◆ WORK ORDER: Repeat every entry in full. Match each line exactly.

◆ DATA TO EXAMINE:
━━━━━━━━

(* Let $K$ be algebraically closed, $G$ a (not necessarily connected) reductive group over $K$ with identity component $G^\circ$, and $V$ a rational representation of $G$. Then $\sigma(G,V)\ge\sigma(G^\circ,V)$.
   Context: For a reductive group $R$ acting on $V$, the null cone is the common zero set of all non-constant homogeneous elements of $K[V]^R$, and $\sigma(R,V)$ is the smallest $D$ such that the homogeneous invariants of degrees $1,\dots,D$ have common zero set equal to the null cone. *)

From HB Require Import structures.
From mathcomp Require Import all_boot all_order all_algebra.
From mathcomp Require Import mpoly.
Set Implicit Arguments. Unset Strict Implicit. Unset Printing Implicit Defensive.
Import Order.TTheory GRing.Theory Num.Theory.
Local Open Scope ring_scope.

Section LinAlgGroups.
Variable K : closedFieldType.

Definition mxset (n : nat) := 'M[K]_n -> Prop.

Definition mxeval (n : nat) (f : {mpoly K[n * n]}) (g : 'M[K]_n) : K :=
  f.@[fun i => mxvec g 0 i].

Definition GLn (n : nat) : mxset n := fun g => g \in unitmx.

(* Since GL_n is the principal open set
   D(det) of M_n, its closed subsets are exactly the intersections of GL_n
   with zero sets of polynomials in the matrix entries. *)
Definition Zclosed (n : nat) (A : mxset n) : Prop :=
  exists S : {mpoly K[n * n]} -> Prop,
    forall g, A g <-> (GLn g /\ forall f, S f -> mxeval f g = 0).

Definition Zirreducible (n : nat) (A : mxset n) : Prop :=
  (exists g, A g) /\ (forall g, A g -> GLn g) /\
  forall Z1 Z2 : mxset n, Zclosed Z1 -> Zclosed Z2 ->
    (forall g, A g -> Z1 g \/ Z2 g) ->
    (forall g, A g -> Z1 g) \/ (forall g, A g -> Z2 g).

Definition is_subgroup (n : nat) (G : mxset n) : Prop :=
  (forall g, G g -> GLn g) /\ G 1%:M /\
  (forall g h, G g -> G h -> G (g *m h)) /\ (forall g, G g -> G (invmx g)).

Definition is_alg_group (n : nat) (G : mxset n) : Prop :=
  is_subgroup G /\ Zclosed G.

(* Identity component G° : the union of all irreducible subsets of G
   containing the identity (= the irreducible component of G through 1). *)
Definition identity_component (n : nat) (G : mxset n) : mxset n :=
  fun g => exists Z : mxset n,
    (forall x, Z x -> G x) /\ Zirreducible Z /\ Z 1%:M /\ Z g.

Definition unipotent (n : nat) (g : 'M[K]_n) : Prop :=
  exists k : nat, (g - 1%:M) ^+ k = 0.

(* Reductive (not necessarily connected): the unipotent radical is trivial,
   i.e. every closed connected (= irreducible) normal subgroup of G all of
   whose elements are unipotent is trivial. *)
Definition is_reductive (n : nat) (G : mxset n) : Prop :=
  is_alg_group G /\
  forall N : mxset n,
    is_subgroup N -> Zclosed N -> Zirreducible N ->
    (forall x, N x -> G x) ->
    (forall g x, G g -> N x -> N (invmx g *m x *m g)) ->
    (forall x, N x -> unipotent x) ->
    forall x, N x -> x = 1%:M.

(* A rational representation of G on V = K^m (column vectors): a group
   homomorphism G -> GL_m whose entries are regular functions on G,
   i.e. of the form P(g) / det(g)^k with P polynomial in the entries. *)
Definition is_rational_rep (n m : nat) (G : mxset n)
    (rho : 'M[K]_n -> 'M[K]_m) : Prop :=
  (forall g, G g -> rho g \in unitmx) /\
  (forall g h, G g -> G h -> rho (g *m h) = rho g *m rho h) /\
  exists (k : nat) (P : 'I_m -> 'I_m -> {mpoly K[n * n]}),
    forall g, G g -> forall i j, rho g i j = mxeval (P i j) g / (\det g) ^+ k.

Definition veval (m : nat) (f : {mpoly K[m]}) (v : 'cV[K]_m) : K :=
  f.@[fun i => v i 0].

Definition is_invariant (n m : nat) (R : mxset n) (rho : 'M[K]_n -> 'M[K]_m)
    (f : {mpoly K[m]}) : Prop :=
  forall g, R g -> forall v : 'cV[K]_m, veval f (rho g *m v) = veval f v.

Definition inv_zero_set (n m : nat) (R : mxset n) (rho : 'M[K]_n -> 'M[K]_m)
    (hi : option nat) (v : 'cV[K]_m) : Prop :=
  forall (d : nat) (f : {mpoly K[m]}),
    (1 <= d)%N -> (if hi is Some D then (d <= D)%N else true) ->
    f \is d.-homog -> is_invariant R rho f -> veval f v = 0.

Definition null_cone (n m : nat) (R : mxset n) (rho : 'M[K]_n -> 'M[K]_m)
  : 'cV[K]_m -> Prop := inv_zero_set R rho None.

Definition cuts_null_cone (n m : nat) (R : mxset n) (rho : 'M[K]_n -> 'M[K]_m)
    (D : nat) : Prop :=
  forall v, inv_zero_set R rho (Some D) v <-> null_cone R rho v.

Definition is_sigma (n m : nat) (R : mxset n) (rho : 'M[K]_n -> 'M[K]_m)
    (D : nat) : Prop :=
  cuts_null_cone R rho D /\
  forall D', cuts_null_cone R rho D' -> (D <= D')%N.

━━━━━━━━

◆ ANSWER BELOW:
(* Let $K$ be algebraically closed, $G$ a (not necessarily connected) reductive group over $K$ with identity component $G^\circ$, and $V$ a rational representation of $G$. Then $\sigma(G,V)\ge\sigma(G^\circ,V)$.
   Context: For a reductive group $R$ acting on $V$, the null cone is the common zero set of all non-constant homogeneous elements of $K[V]^R$, and $\sigma(R,V)$ is the smallest $D$ such that the homogeneous invariants of degrees $1,\dots,D$ have common zero set equal to the null cone. *)

From HB Require Import structures.
From mathcomp Require Import all_boot all_order all_algebra.
From mathcomp Require Import mpoly.
Set Implicit Arguments. Unset Strict Implicit. Unset Printing Implicit Defensive.
Import Order.TTheory GRing.Theory Num.Theory.
Local Open Scope ring_scope.

Section LinAlgGroups.
Variable K : closedFieldType.

Definition mxset (n : nat) := 'M[K]_n -> Prop.

Definition mxeval (n : nat) (f : {mpoly K[n * n]}) (g : 'M[K]_n) : K :=
  f.@[fun i => mxvec g 0 i].

Definition GLn (n : nat) : mxset n := fun g => g \in unitmx.

(* Since GL_n is the principal open set
   D(det) of M_n, its closed subsets are exactly the intersections of GL_n
   with zero sets of polynomials in the matrix entries. *)
Definition Zclosed (n : nat) (A : mxset n) : Prop :=
  exists S : {mpoly K[n * n]} -> Prop,
    forall g, A g <-> (GLn g /\ forall f, S f -> mxeval f g = 0).

Definition Zirreducible (n : nat) (A : mxset n) : Prop :=
  (exists g, A g) /\ (forall g, A g -> GLn g) /\
  forall Z1 Z2 : mxset n, Zclosed Z1 -> Zclosed Z2 ->
    (forall g, A g -> Z1 g \/ Z2 g) ->
    (forall g, A g -> Z1 g) \/ (forall g, A g -> Z2 g).

Definition is_subgroup (n : nat) (G : mxset n) : Prop :=
  (forall g, G g -> GLn g) /\ G 1%:M /\
  (forall g h, G g -> G h -> G (g *m h)) /\ (forall g, G g -> G (invmx g)).

Definition is_alg_group (n : nat) (G : mxset n) : Prop :=
  is_subgroup G /\ Zclosed G.

(* Identity component G° : the union of all irreducible subsets of G
   containing the identity (= the irreducible component of G through 1). *)
Definition identity_component (n : nat) (G : mxset n) : mxset n :=
  fun g => exists Z : mxset n,
    (forall x, Z x -> G x) /\ Zirreducible Z /\ Z 1%:M /\ Z g.

Definition unipotent (n : nat) (g : 'M[K]_n) : Prop :=
  exists k : nat, (g - 1%:M) ^+ k = 0.

(* Reductive (not necessarily connected): the unipotent radical is trivial,
   i.e. every closed connected (= irreducible) normal subgroup of G all of
   whose elements are unipotent is trivial. *)
Definition is_reductive (n : nat) (G : mxset n) : Prop :=
  is_alg_group G /\
  forall N : mxset n,
    is_subgroup N -> Zclosed N -> Zirreducible N ->
    (forall x, N x -> G x) ->
    (forall g x, G g -> N x -> N (invmx g *m x *m g)) ->
    (forall x, N x -> unipotent x) ->
    forall x, N x -> x = 1%:M.

(* A rational representation of G on V = K^m (column vectors): a group
   homomorphism G -> GL_m whose entries are regular functions on G,
   i.e. of the form P(g) / det(g)^k with P polynomial in the entries. *)
Definition is_rational_rep (n m : nat) (G : mxset n)
    (rho : 'M[K]_n -> 'M[K]_m) : Prop :=
  (forall g, G g -> rho g \in unitmx) /\
  (forall g h, G g -> G h -> rho (g *m h) = rho g *m rho h) /\
  exists (k : nat) (P : 'I_m -> 'I_m -> {mpoly K[n * n]}),
    forall g, G g -> forall i j, rho g i j = mxeval (P i j) g / (\det g) ^+ k.

Definition veval (m : nat) (f : {mpoly K[m]}) (v : 'cV[K]_m) : K :=
  f.@[fun i => v i 0].

Definition is_invariant (n m : nat) (R : mxset n) (rho : 'M[K]_n -> 'M[K]_m)
    (f : {mpoly K[m]}) : Prop :=
  forall g, R g -> forall v : 'cV[K]_m, veval f (rho g *m v) = veval f v.

Definition inv_zero_set (n m : nat) (R : mxset n) (rho : 'M[K]_n -> 'M[K]_m)
    (hi : option nat) (v : 'cV[K]_m) : Prop :=
  forall (d : nat) (f : {mpoly K[m]}),
    (1 <= d)%N -> (if hi is Some D then (d <= D)%N else true) ->
    f \is d.-homog -> is_invariant R rho f -> veval f v = 0.

Definition null_cone (n m : nat) (R : mxset n) (rho : 'M[K]_n -> 'M[K]_m)
  : 'cV[K]_m -> Prop := inv_zero_set R rho None.

Definition cuts_null_cone (n m : nat) (R : mxset n) (rho : 'M[K]_n -> 'M[K]_m)
    (D : nat) : Prop :=
  forall v, inv_zero_set R rho (Some D) v <-> null_cone R rho v.

Definition is_sigma (n m : nat) (R : mxset n) (rho : 'M[K]_n -> 'M[K]_m)
    (D : nat) : Prop :=
  cuts_null_cone R rho D /\
  forall D', cuts_null_cone R rho D' -> (D <= D')%N.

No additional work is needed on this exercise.